Many people are wondering if they should even stay at the company/in journalism. I can’t blame them. While many of the reporters are young, some have families and mortgages. If you have bills to pay and a family to support, it makes sense to try and get another job, perhaps one that is more stable. But in today’s economy, where Lehman Brothers files for bankruptcy and Bank of America buys Merrill Lynch, what is stable?

Back to switching careers. Journalism is awesome. Everyone I work with loves reporting, writing, editing, etc. But where can a young journalist move up to? In Boston, the goal is to get to the Boston Globe or the Herald. Both, however, are having hiring freezes. And GateHouse owns practically all the other publications. It feels almost suffocating. Forget about going to another daily market. Unless middle of nowhere, Iowa appeals to you.

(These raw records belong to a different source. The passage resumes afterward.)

(* Let $n\ge 7$, $\zeta_n=e^{2\pi i/n}$, $K=\mathbb{Q}(\zeta_n)$, and let $J=\{j_1<\dots<j_k\}\subseteq\{0,1,\dots,n-1\}$ with $k\ge 3$ and $j_k\le (n-1)/2$, such that the elements of $J$ do not form an arithmetic progression. Let $G$ be the $k\times n$ matrix over $K$ with $G_{i,l}=\zeta_n^{j_i(l-1)}$, and assume all $k\times k$ submatrices of $G$ have non-zero determinant in $K$. Let $P_{\mathrm{bad}}$ be the set of rational primes dividing $|N_{K/\mathbb{Q}}(\Delta)|$ for some such determinant $\Delta$. Let $p\notin P_{\mathrm{bad}}$ be a prime with $p\nmid n$, $\mathfrak{p}$ a prime ideal of $\mathbb{Z}[\zeta_n]$ above $p$, $\mathbb{F}_q\cong\mathbb{Z}[\zeta_n]/\mathfrak{p}$ ($q=p^f$, $f$ the multiplicative order of $p$ mod $n$), and $\overline{\mathcal{C}}$ the code over $\mathbb{F}_q$ generated by the reduction of $G$ modulo $\mathfrak{p}$. Then $\overline{\mathcal{C}}$ (a cyclic $[n,k]$ MDS code) is of non-RS type.
   Context: A (generalized) Reed–Solomon code over a field $F$ has a generator matrix $(v_j x_j^{i-1})_{1\le i\le k,1\le j\le n}$ with distinct $x_j\in F$ and $v_j\in F^\times$; a code is of RS type if it is equivalent to such a code (by change of generator matrix, column permutation and non-zero column scaling), and of non-RS type otherwise. $N_{K/\mathbb{Q}}$ is the field norm. *)

From HB Require Import structures.
From mathcomp Require Import all_boot all_order all_algebra all_fingroup all_field.
Set Implicit Arguments. Unset Strict Implicit. Unset Printing Implicit Defensive.
Import Order.TTheory GRing.Theory Num.Theory.
Local Open Scope ring_scope.

(* The k x n matrix (w^(j_i * l))_{i<k, l<n}  (0-based column index l = l'-1). *)
Definition cycmx (R : comNzRingType) (k n : nat) (j : 'I_k -> nat) (w : R)
  : 'M[R]_(k, n) := \matrix_(i < k, l < n) w ^+ (j i * l).

Definition cycminor (R : comNzRingType) (k n : nat) (j : 'I_k -> nat) (w : R)
  (s : 'I_k -> 'I_n) : R := \det (colsub s (cycmx n j w)).

(* N_{K/Q} of the minor Delta(s) = det(colsub s G) with G = cycmx n j z,
   K = Q(z), z a primitive n-th root of unity: the product of the Galois
   conjugates sigma_m(Delta), sigma_m : z |-> z^m, m in (Z/n)^*.          *)
Definition normminor (k n : nat) (j : 'I_k -> nat) (z : algC)
  (s : 'I_k -> 'I_n) : algC :=
  \prod_(m < n | coprime m n) cycminor j (z ^+ m) s.

Definition GRSmx (F : fieldType) (k n : nat) (x v : 'I_n -> F) : 'M[F]_(k, n) :=
  \matrix_(i < k, l < n) (v l * x l ^+ i).

(* The code generated by A (its row space) is of RS type: it is equivalent,
   by change of generator matrix (same row space), column permutation and
   non-zero column scaling, to a generalized RS code. *)
Definition RS_type (F : fieldType) (k n : nat) (A : 'M[F]_(k, n)) : Prop :=
  exists (x v u : 'I_n -> F) (sg : 'S_n),
    injective x /\ (forall l, v l != 0) /\ (forall l, u l != 0) /\
    (A == col_perm sg (GRSmx k x v) *m diag_mx (\row_l u l))%MS.

From HB Require Import structures.
From mathcomp Require Import all_boot all_order all_algebra all_fingroup all_field.
From mathcomp Require Import ring zify.
Import Order.TTheory GRing.Theory Num.Theory.

Set Implicit Arguments.
Unset Strict Implicit.
Unset Printing Implicit Defensive.

(* The Schur square of a generalized RS [n, k] code has dimension at most
   2k - 1.  The Schur square of the code generated by (zeta^(j_i l)) contains
   the rows (zeta^(s l)) for every s in the sumset J + J; these are
   Vandermonde rows with distinct nodes since all such s are below n, and a
   set J that is not an arithmetic progression has |J + J| >= 2k. *)

Section Sumset.

Variables (f : nat -> nat) (k : nat).
Hypothesis f_incr : forall a b, (a < b < k)%N -> (f a < f b)%N.

(* f 0 + f 0 < f 0 + f 1 < f 1 + f 1 < f 1 + f 2 < ... for t < 2k - 1 *)
Let chain t := (f t./2 + f (uphalf t))%N.

Lemma chain_homo : {in gtn (2 * k).-1 &, {homo chain : s t / s < t}}.
Proof.
apply: homo_ltn_in => [s t u|s t|t]; rewrite ?unfold_in /=.
- exact: ltn_trans.
- by move=> ? ? u; rewrite unfold_in /=; lia.
move=> _ t_lt; rewrite /chain /= addnC ltn_add2l f_incr //; lia.
Qed.

Lemma arith_prog_of_midpoints :
    (forall i, (i.+2 < k)%N -> f i + f i.+2 = (f i.+1).*2)%N ->
  forall i, (i < k)%N -> f i = (f 0 + i * (f 1 - f 0))%N.
Proof.
move=> mid.
suff step i : (i.+1 < k)%N ->
    f i = (f 0 + i * (f 1 - f 0))%N /\ f i.+1 = (f 0 + i.+1 * (f 1 - f 0))%N.
  by case=> [|i] i_lt; [lia | case: (step i i_lt)].
elim: i => [lt1|i IH lt_i].
  by have := @f_incr 0 1; split; lia.
have [fi fi1] := IH (ltnW lt_i); have := mid i lt_i; split; first by [].
nia.
Qed.

Lemma sumset_size :
    ~ (exists a d, forall i, (i < k)%N -> f i = a + i * d)%N ->
  (2 * k <= size (undup [seq f a + f b | a <- iota 0 k, b <- iota 0 k]))%N.
Proof.
move=> not_AP.
have [i /andP[i_lt bend]] :
    exists i, (i.+2 < k)%N && (f i + f i.+2 != (f i.+1).*2)%N.
  case: (boolP [exists i : 'I_k, (i.+2 < k)%N && (f i + f i.+2 != (f i.+1).*2)%N]).
    by case/existsP=> i; exists i.
  move/existsPn=> mid; exfalso; apply: not_AP.
  exists (f 0), (f 1 - f 0)%N; apply: arith_prog_of_midpoints => i i_lt.
  have i_k : (i < k)%N by lia.
  by apply/eqP; move: (mid (Ordinal i_k)); rewrite /= i_lt negbK.
pose x := (f i + f i.+2)%N.
have chain_mono := leq_mono_in chain_homo.
have x_notin : x \notin [seq chain t | t <- iota 0 (2 * k).-1].
  apply/mapP=> -[t]; rewrite mem_iota /= => t_lt x_eq.
  have chain_dom s : (s < (2 * k).-1)%N -> s \in gtn (2 * k).-1 by rewrite inE.
  have [c1 c2 c3] : [/\ chain i.*2.+1 = (f i + f i.+1)%N,
      chain i.*2.+2 = (f i.+1).*2 & chain i.*2.+3 = (f i.+1 + f i.+2)%N].
    by rewrite /chain /= uphalf_double doubleK addnn.
  case: (ltngtP t i.*2.+2) => [t_lt'|t_gt|t_eq].
  - have := chain_mono t i.*2.+1 (chain_dom _ t_lt) (chain_dom i.*2.+1 ltac:(lia)).
    by have := @f_incr i.+1 i.+2; rewrite -x_eq c1 /x; lia.
  - have := chain_mono i.*2.+3 t (chain_dom i.*2.+3 ltac:(lia)) (chain_dom _ t_lt).
    by have := @f_incr i i.+1; rewrite -x_eq c3 /x; lia.
  - by move: bend; rewrite -/x x_eq t_eq c2 eqxx.
have size_xC : size (x :: [seq chain t | t <- iota 0 (2 * k).-1]) = (2 * k)%N.
  by rewrite /= size_map size_iota; lia.
rewrite -size_xC; apply: uniq_leq_size => [|s].
  rewrite /= x_notin map_inj_in_uniq ?iota_uniq // => s t.
  rewrite !mem_iota => s_lt t_lt.
  by apply: (incn_inj_in chain_mono); rewrite unfold_in /=; lia.
rewrite mem_undup inE => /orP[/eqP ->|/mapP[t]].
  by apply: allpairs_f; rewrite mem_iota; lia.
by rewrite mem_iota => t_lt ->; apply: allpairs_f; rewrite mem_iota /=; lia.
Qed.

End Sumset.

Local Open Scope ring_scope.

Definition powmx (F : fieldType) (n : nat) (w : F) (L : seq nat) : 'M[F]_(size L, n) :=
  \matrix_(t < size L, l < n) w ^+ (nth 0%N L t * l).

Lemma mxrank_powmx (F : fieldType) (n : nat) (w : F) (L : seq nat) :
  n.-primitive_root w -> uniq L -> all (gtn n) L -> \rank (powmx n w L) = size L.
Proof.
move=> w_prim L_uniq L_lt.
have L_n : (size L <= n)%N.
  rewrite -(size_iota 0 n); apply: uniq_leq_size => // s sL.
  by rewrite mem_iota /=; exact: (allP L_lt).
have L_nth_lt (t : 'I_(size L)) : (nth 0%N L t < n)%N.
  exact: (allP L_lt _ (mem_nth 0%N (ltn_ord t))).
have V_def : colsub (widen_ord L_n) (powmx n w L) =
    (Vandermonde _ (\row_t w ^+ nth 0%N L t))^T.
  by apply/matrixP => t l; rewrite !mxE -exprM.
apply/eqP; rewrite eqn_leq rank_leq_row /=.
apply: leq_trans (mxrankM_maxl _ (colsub (widen_ord L_n) 1)).
rewrite mulmx_colsub mulmx1 V_def mxrank_tr mxrank_unit //.
rewrite unitmxE det_Vandermonde unitfE.
rewrite prodf_seq_neq0; apply/allP => a _ /=.
rewrite prodf_seq_neq0; apply/allP => b _ /=; apply/implyP => lt_ab.
rewrite subr_eq0 !mxE (eq_prim_root_expr w_prim) !modn_small ?L_nth_lt //.
by rewrite nth_uniq // neq_ltn lt_ab orbT.
Qed.

(* A = M B where B a l = c l * y l ^ a, so the entrywise product of two rows
   of A is a combination of the 2k - 1 rows (c l ^ 2 * y l ^ e)_l. *)
Lemma RS_type_schur_rank (F : fieldType) (k n m : nat)
    (A : 'M[F]_(k, n)) (S : 'M[F]_(m, n)) :
    RS_type A -> (forall t, exists a b, forall l, S t l = A a l * A b l) ->
  (\rank S <= (2 * k).-1)%N.
Proof.
move=> [x [v [u [sg [_ [_ [_ /andP[/submxP[M A_def] _]]]]]]]] S_rows.
set B := col_perm _ _ *m _ in A_def.
pose c l := v (sg l) * u l.
pose y l := x (sg l).
have AE a l : A a l = \sum_(i < k) M a i * (c l * y l ^+ i).
  by rewrite A_def mxE; apply: eq_bigr => i _; rewrite /B mul_mx_diag !mxE /c /y; ring.
pose T := \matrix_(e < (2 * k).-1, l < n) (c l ^+ 2 * y l ^+ e).
apply: leq_trans (rank_leq_row T); apply: mxrankS; apply/row_subP => t.
have [a [b S_ab]] := S_rows t.
have ab_lt (i i' : 'I_k) : (i + i' < (2 * k).-1)%N.
  by case: i i' => [i ?] [i' ?] /=; lia.
have -> : row t S = \sum_(i < k) \sum_(i' < k)
    (M a i * M b i') *: row (Ordinal (ab_lt i i')) T.
  apply/rowP => l; rewrite !mxE summxE S_ab !AE mulr_suml; apply: eq_bigr => i _.
  by rewrite summxE mulr_sumr; apply: eq_bigr => i' _; rewrite !mxE exprD; ring.
by apply: summx_sub => i _; apply: summx_sub => i' _; apply/scalemx_sub/row_sub.
Qed.

Theorem mainTheorem5
  (n k : nat) (j : 'I_k -> nat) (z : algC)
  (p : nat) (F : finFieldType) (w : F) :
  (7 <= n)%N ->
  n.-primitive_root z ->
  (3 <= k)%N ->
  (forall a b : 'I_k, (a < b)%N -> (j a < j b)%N) ->
  (forall a : 'I_k, (2 * j a <= n - 1)%N) ->
  ~ (exists a d : nat, forall i : 'I_k, j i = (a + i * d)%N) ->
  (* all k x k minors of G are non-zero in K *)
  (forall s : 'I_k -> 'I_n, (forall a b : 'I_k, (a < b)%N -> (s a < s b)%N) ->
     cycminor j z s != 0) ->
  (* p is a prime, p not in P_bad, p does not divide n *)
  prime p ->
  (forall (s : 'I_k -> 'I_n) (m : int),
     (forall a b : 'I_k, (a < b)%N -> (s a < s b)%N) ->
     normminor j z s = m%:~R -> ~~ (p%:Z %| m)%Z) ->
  ~~ (p %| n)%N ->
  (* F = Z[zeta_n]/P for a prime P above p, w = zeta_n mod P *)
  p \in [pchar F] ->
  n.-primitive_root w ->
  (forall y : F, exists q : {poly int}, y = (map_poly intr q).[w]) ->
  ~ RS_type (cycmx n j w).
Proof.
move=> n_ge7 _ k_ge3 j_incr j_small not_AP _ _ _ _ _ w_prim _ RS.
pose jn i := oapp j 0%N (insub i : option 'I_k).
have jnE (a : 'I_k) : jn a = j a by rewrite /jn valK.
pose L : seq nat := undup [seq (jn a + jn b)%N | a <- iota 0 k, b <- iota 0 k].
have L_sums s : s \in L -> exists a b : 'I_k, s = (j a + j b)%N.
  rewrite mem_undup => /allpairsP[[a b] [/=]]; rewrite !mem_iota /= => a_lt b_lt ->.
  by exists (Ordinal a_lt), (Ordinal b_lt); rewrite -!jnE.
have L_size : (2 * k <= size L)%N.
  apply: sumset_size => [a b /andP[lt_ab b_lt]|[a0 [d AP]]].
    rewrite -[a]/(val (Ordinal (ltn_trans lt_ab b_lt))) -[b]/(val (Ordinal b_lt)).
    by rewrite !jnE j_incr.
  by apply: not_AP; exists a0, d => i; rewrite -jnE AP.
have L_lt : all (gtn n) L.
  apply/allP => s /L_sums[a [b ->]] /=.
  by have := j_small a; have := j_small b; lia.
have L_rows t : exists a b,
    forall l, powmx n w L t l = cycmx n j w a l * cycmx n j w b l.
  have [a [b L_t]] := L_sums _ (mem_nth 0%N (ltn_ord t)).
  by exists a, b => l; rewrite !mxE L_t mulnDl exprD.
have := RS_type_schur_rank RS L_rows.
rewrite mxrank_powmx ?undup_uniq //; apply/negP; rewrite -ltnNge.
by apply: leq_trans L_size; rewrite prednK // muln_gt0 (leq_trans _ k_ge3).
Qed.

I know other reporters are taking classes to possibly go to grad school or go into another field. It’s interesting/sad/odd how we don’t even discuss the idea of being a reporter somewhere else. We all got the message from Davis’ slide show: All newspapers are seemingly circling the drain doing poorly right now.

A staff meeting we had Friday to discuss the meeting didn’t clarify matters either. While one person claims he would do this job for free, I think he’s in the minority. Yet no one wants to leave because 1) they won’t have a source of income and 2) if they leave, they are seriously screwing their individual paper over. There is no one to replace them. The company is in a hiring freeze.

Well, things could be worse. I for one do like my job and feel confident I will still have it in six months. (Unless something really drastic happens). I truly believe the communities we serve would miss us if we were gone. True, sometimes it feels as if no one reads the Web site or the blog I religiously update. But when someone meets me and says they liked an article I wrote, all the other issues and problems fade away.


1 Comment

Filed under GateHouse related, Newspapers in general

One response to “GateHouse’s publisher comes to visit: The aftermath

  1. Anne

    I read your first installment and only heard the dismayed sigh with not one hint of bashing. This is true of the above segment as well.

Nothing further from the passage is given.